Coat of ArmsNow, the "KJV" was not really a great work of Biblical scholarship. Certainly it was poetic, but the translations left a little to be desired. James agreed to the new translation, though, because the then-"official" version of the Bible, the "Bishops' Bible," was not very popular with the people; the biblical best-seller of the day was the Geneva Bible, a translation done in Geneva by Puritan refugees from the reign of the Catholic Mary. James (and most of the English bishops) didn't like the Geneva Bible because of its Presbyterian leanings and its use of explanatory footnotes, which they found "offensive."

James wanted the translation to be non-controversial, to reflect traditional beliefs about ordained clergy, and to be free of the Calvinist ideas of the Puritans. He gave the KJV translators specific instructions, including:
• The ordinary Bible read in the Church, commonly called the Bishops Bible, to be followed, and as little altered as the Truth of the original will permit.
• The Old Ecclesiastical Words to be kept, viz. the Word Church not to be translated Congregation &c.
• No Marginal Notes at all to be affixed, but only for the explanation of the Hebrew or Greek Words, which cannot without some circumlocution, so briefly and fitly be expressed in the Text.
• These translations to be used when they agree better with the Text than the Bishops Bible: Tyndale's, Matthew's, Coverdale's, Whitchurch's, Geneva.
So, while the translators looked at the Hebrew and Greek texts, what they wrote was filtered by previous translations, ecclesiastical tradition, and English cultural tradition. And, once the KJV was completed in 1611, it was slow to be accepted by the English people, who still continued to prefer the Geneva Bible. It wasn't until after the English Civil War and the Restoration in 1661 that the Geneva Bible became a symbol of the now-rejected Puritan era, and people began to use the KJV.

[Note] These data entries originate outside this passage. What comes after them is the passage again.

Lemma minimal_bad_seq f : bad f -> exists m, bad m /\
  forall n g, bad g -> agree_below n g m -> (size (m n) <= size (g n))%N.
Proof.
pose Min g n g' := bad g' /\ agree_below n g' g /\
  forall g'', bad g'' -> agree_below n g'' g -> (size (g' n) <= size (g'' n))%N.
have MinP g n : bad g -> Min g n (epsilon (inhabits g) (Min g n)).
  move=> bad_g; apply: epsilon_spec.
  have [g' [[bad_g' agr] min_g']] :=
    @ex_min_measure _ (fun g' => size (g' n)) (fun g' => bad g' /\ agree_below n g' g)
      (ex_intro _ g (conj bad_g (fun _ _ => erefl))).
  by exists g'; split=> //; split=> // g'' ? ?; apply: min_g'.
move=> bad_f; pose G n := iteri n (fun k g => epsilon (inhabits g) (Min g k)) f.
have bad_G n : bad (G n) by elim: n => //= n IH; case: (MinP _ n IH).
have G_stable i n : (i < n)%N -> G n i = G i.+1 i.
  elim: n => // n IH; rewrite ltnS leq_eqVlt => /orP [/eqP -> //|lt_in].
  by have [_ [agr _]] := MinP _ n (bad_G n); rewrite /= agr // IH.
exists (fun i => G i.+1 i); split.
  move=> i j ij; rewrite -(G_stable i j.+1) //; last by apply: ltn_trans ij _.
  exact: bad_G.
move=> n g bad_g agr; have [_ [_ minG]] := MinP _ n (bad_G n); apply: minG => //.
by move=> i lt_in; rewrite agr // G_stable.
Qed.

Lemma bad_nonnil f n : bad f -> f n <> [::].
Proof. by move=> bad_f fn; apply: (bad_f n n.+1) => //; rewrite fn; apply: emb_nil. Qed.

Theorem higman : transitiveP R -> good R -> good emb.
Proof.
move=> trR gR f; apply: NNPP => good_f.
have [m [bad_m min_m]] : exists m, bad m /\
    forall n g, bad g -> agree_below n g m -> (size (m n) <= size (g n))%N.
  by apply: (minimal_bad_seq (f := f)) => i j ij E; apply: good_f; exists i, j.
case: (m 0%N) (bad_nonnil (n := 0%N) bad_m) => [//|x0 _ _].
pose a n := head x0 (m n); pose t n := behead (m n).
have mE n : m n = a n :: t n by rewrite /a /t; case: (m n) (bad_nonnil (n := n) bad_m).
have [phi [phi_mono Rphi]] := good_chain a gR.
have phi0 k : (phi 0 <= phi k)%N by case: k => // k; apply/ltnW/phi_mono.
(* Replacing m from phi 0 on by the tails of m along the R-chain of heads
   gives a bad sequence that is shorter than m at phi 0. *)
pose g i := if (i < phi 0)%N then m i else t (phi (i - phi 0)).
suff bad_g : bad g.
  suff: (size (m (phi 0)) <= size (g (phi 0)))%N by rewrite /g ltnn subnn mE /= ltnn.
  by apply: min_m bad_g _ => i lt_i; rewrite /g lt_i.
move=> i j ij; rewrite /g; case: (ltnP j (phi 0)) => [lt_j|le_j].
  by rewrite (ltn_trans ij lt_j); apply: bad_m.
case: (ltnP i (phi 0)) => [lt_i|le_i] E.
  apply: (bad_m i (phi (j - phi 0))); first exact: leq_trans lt_i (phi0 _).
  by rewrite (mE (phi _)); apply: emb_skip.
have kl : (i - phi 0 < j - phi 0)%N by lia.
apply: (bad_m _ _ (phi_mono _ _ kl)); rewrite !mE.
by apply: emb_cons => //; apply: (chain_trans trR Rphi).
Qed.

Lemma emb_nth x0 w l : emb w l -> exists f : nat -> nat,
  (forall i, (i < size w)%N ->
     [/\ (f i < size l)%N, (i <= f i)%N & R (nth x0 w i) (nth x0 l (f i))]) /\
  (forall i j, (i < size w)%N -> (j < size w)%N -> f i = f j -> i = j).
Proof.
elim=> {w l} [l|a b w l Rab _ [f [Ff f_inj]]|b w l _ [f [Ff f_inj]]].
- by exists id.
- exists (fun i => if i is i'.+1 then (f i').+1 else 0%N); split.
    by case=> [|i] //= /Ff [? ? ?].
  by case=> [|i] [|j] //= ? ? [] /f_inj ->.
- exists (fun i => (f i).+1); split; first by move=> i /Ff [? ? ?]; split=> //; lia.
  by move=> i j wi wj [] /f_inj; apply.
Qed.

End Higman.

Definition transp (a b i : nat) : nat := if i == a then b else if i == b then a else i.

Lemma transpK a b : involutive (transp a b).
Proof.
move=> i; rewrite /transp.
case: (eqVneq i a) => [->|ia]; first by rewrite eqxx; case: (eqVneq b a) => [->|].
case: (eqVneq i b) => [->|ib]; first by rewrite eqxx.
by rewrite (negbTE ia) (negbTE ib).
Qed.

Lemma transp_id a b i : i != a -> i != b -> transp a b i = i.
Proof. by rewrite /transp => /negbTE -> /negbTE ->. Qed.

Lemma in_Sym_inv s : in_Sym s -> exists s', [/\ in_Sym s', cancel s s' & cancel s' s].
Proof.
case=> [[s' ss' s's] [N fixN]]; exists s'; split=> //; split; first by exists s.
by exists N => i iN; rewrite -{1}(fixN i iN) ss'.
Qed.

The KJV was formally edited and revised four times; what we know today as the KJV was actually the revision of 1769. I guess after God went to all that trouble to dictate His Bible to James VI, he had to whisper some final edits in the ear of George III (or perhaps they were a hallucination from one of George's bouts with porphyria).

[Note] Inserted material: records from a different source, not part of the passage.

(* Let $G$ be a group regarded as a large scale group whose bornology consists of all finite subsets of $G$. If $G$ has exactly two ends, then $G$ is finitely generated, and consequently $G$ contains an infinite cyclic subgroup of finite index.
   Context: For a group $G$ with the bornology of all finite subsets, the uniformly bounded covers are the covers refining $\{gF\}_{g\in G}$ for some finite $F\subseteq G$, and the bounded sets are the finite sets. For $A\subseteq G$ and a cover $\mathcal U$, $st(A,\mathcal U)$ is the union of members of $\mathcal U$ meeting $A$; $A$ is coarsely clopen if $st(A,\mathcal U)\cap st(G\setminus A,\mathcal U)$ is finite for every uniformly bounded $\mathcal U$. An end of $G$ is a family of infinite coarsely clopen subsets of $G$ maximal with respect to the property that all finite intersections of its members are infinite. *)

From HB Require Import structures.
From mathcomp Require Import all_boot all_order all_algebra.
From mathcomp Require Import boolp classical_sets cardinality.
Set Implicit Arguments. Unset Strict Implicit. Unset Printing Implicit Defensive.
Local Open Scope classical_set_scope.

Record group := Group {
  carrier :> Type;
  gmul : carrier -> carrier -> carrier;
  gone : carrier;
  ginv : carrier -> carrier;
  gmulA : forall x y z, gmul x (gmul y z) = gmul (gmul x y) z;
  gmul1g : forall x, gmul gone x = x;
  gmulg1 : forall x, gmul x gone = x;
  gmulVg : forall x, gmul (ginv x) x = gone;
  gmulgV : forall x, gmul x (ginv x) = gone
}.

Section LargeScale.
Variable G : group.

Definition ltrans (g : G) (F : set G) : set G := [set gmul g f | f in F].

Definition is_cover (U : set (set G)) : Prop := \bigcup_(V in U) V = [set: G].

Definition unif_bounded (U : set (set G)) : Prop :=
  is_cover U /\
  exists F : set G, finite_set F /\ forall V, U V -> exists g : G, V `<=` ltrans g F.

Definition star (A : set G) (U : set (set G)) : set G :=
  \bigcup_(V in [set V | U V /\ V `&` A !=set0]) V.

Definition coarsely_clopen (A : set G) : Prop :=
  forall U, unif_bounded U -> finite_set (star A U `&` star (~` A) U).

Definition end_candidate (E : set (set G)) : Prop :=
  (forall A, E A -> infinite_set A /\ coarsely_clopen A) /\
  (forall F : set (set G), F `<=` E -> finite_set F -> F !=set0 ->
     infinite_set (\bigcap_(A in F) A)).

Definition is_end (E : set (set G)) : Prop :=
  end_candidate E /\ forall E', end_candidate E' -> E `<=` E' -> E' = E.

That's the story of the translation of the Authorized Version of the Holy Bible, also known as the King James Version.





Now, though, it's time for my Paul Harvey-esque "rest of the story."
James's sexual orientation was so widely known that Sir Walter Raleigh joked about it in public saying "King Elizabeth" had been succeeded by "Queen James."

—Catherine D. Bowen, The Lion and the Throne

James, the married father of eight, had a long and historically well-documented history of preferring men to women in the royal bedchamber. From the time he was thirteen and king of Scotland, he took up with the French nobleman Esmé Stewart, eventually making him the first Duke of Lennox. Reports of the time said James was "in such love with him as in the open sight of the people oftentimes he will clasp him about the neck with his arms and kiss him."

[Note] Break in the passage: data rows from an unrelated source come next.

(* Let $T\in(0,\infty)$, let $X_0,X_1$ be Banach spaces with $X_1\hookrightarrow X_0$ densely and continuously, let $A\colon[0,T]\to\mathcal{L}(X_1,X_0)$ be strongly measurable in the strong operator topology, let $p\in(1,\infty)$, $\kappa\in[0,p-1)$, and suppose $A$ has maximal $L^p(0,T,w_\kappa)$-regularity. Then for any $0\le a<b\le T$ and $f\in L^p(a,b,w_\kappa;X_0)$ there exists a unique strong solution $u\in\mathrm{MR}^p(a,b,w_\kappa)$ of $u'+Au=f$ on $(a,b)$, $u(a)=0$, and \[\|u\|_{\mathrm{MR}^p(a,b,w_\kappa)}\le M_{p,\kappa,A}(0,T)\|f\|_{L^p(a,b,w_\kappa;X_0)}.\] In particular, $A$ has maximal $L^p(a,b,w_\kappa)$-regularity and $M_{p,\kappa,A}(a,b)\le M_{p,\kappa,A}(0,T)$.
   Context: For $\mu\ge0$, $w_\mu(t)=|t|^\mu$ (never shifted, also on subintervals). $L^p(a,b,w_\kappa;X)$ is the space of strongly measurable $f\colon(a,b)\to X$ with $\int_a^bt^\kappa\|f(t)\|_X^pdt<\infty$, $W^{1,p}(a,b,w_\kappa;X)$ analogously, and $\mathrm{MR}^p(a,b,w_\kappa):=L^p(a,b,w_\kappa;X_1)\cap W^{1,p}(a,b,w_\kappa;X_0)$ with norm $\max\{\|u\|_{L^p(a,b,w_\kappa;X_1)},\|u\|_{W^{1,p}(a,b,w_\kappa;X_0)}\}$. A strong solution of $u'+Au=f$ on $(a,b)$, $u(a)=u_a$, is $u\in L^1(a,b;X_1)\cap W^{1,1}(a,b;X_0)$ with $Au\in L^1(a,b;X_0)$, $u(a)=u_a$ and $u'+Au=f$ a.e. on $(a,b)$. $A$ has maximal $L^p(a,b,w_\kappa)$-regularity if for every $f\in L^p(a,b,w_\kappa;X_0)$ there exists a unique strong solution $u\in\mathrm{MR}^p(a,b,w_\kappa)$ with $u(a)=0$, and there is a constant $C$ independent of $f$ such that for every $\tau\in(a,b]$ and every strong solution $v\in\mathrm{MR}^p(a,\tau,w_\kappa)$ of $v'+Av=f$ on $(a,\tau)$ with $v(a)=0$, $\|v\|_{\mathrm{MR}^p(a,\tau,w_\kappa)}\le C\|f\|_{L^p(a,\tau,w_\kappa;X_0)}$. The infimum of all such $C$ is $M_{p,\kappa,A}(a,b)$. *)

From HB Require Import structures.
From mathcomp Require Import all_boot all_order all_algebra.
From mathcomp Require Import all_classical all_reals all_analysis.
Set Implicit Arguments. Unset Strict Implicit. Unset Printing Implicit Defensive.
Import Order.TTheory GRing.Theory Num.Theory.
Import numFieldNormedType.Exports.
Local Open Scope classical_set_scope.
Local Open Scope ring_scope.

In England, he developed a relationship with Robert Carr, who was noted for his "handsome appearance as well as his limited intelligence," eventually making him the first Earl of Somerset. When Carr wanted to marry a married woman, the king arranged for the divorce and annulment. Their relationship cooled considerably when the earl began to prefer the company of his wife to that of the king.

About that time, the king met George Villiers, who was said to be exceptionally handsome, intelligent and honest. The king knighted Villiers, and then eight years later created him as first Duke of Buckingham; Villiers was the first commoner in over a century to have been created a duke. Their relationship was widely known, even by the queen, who had a friendship with Villiers and they carried on a lot of written correspondence. When the king finally died in 1625, the Duke of Buckingham was at his side.

So, there you have the rest of the story: the King James Version was the world's first gay Bible.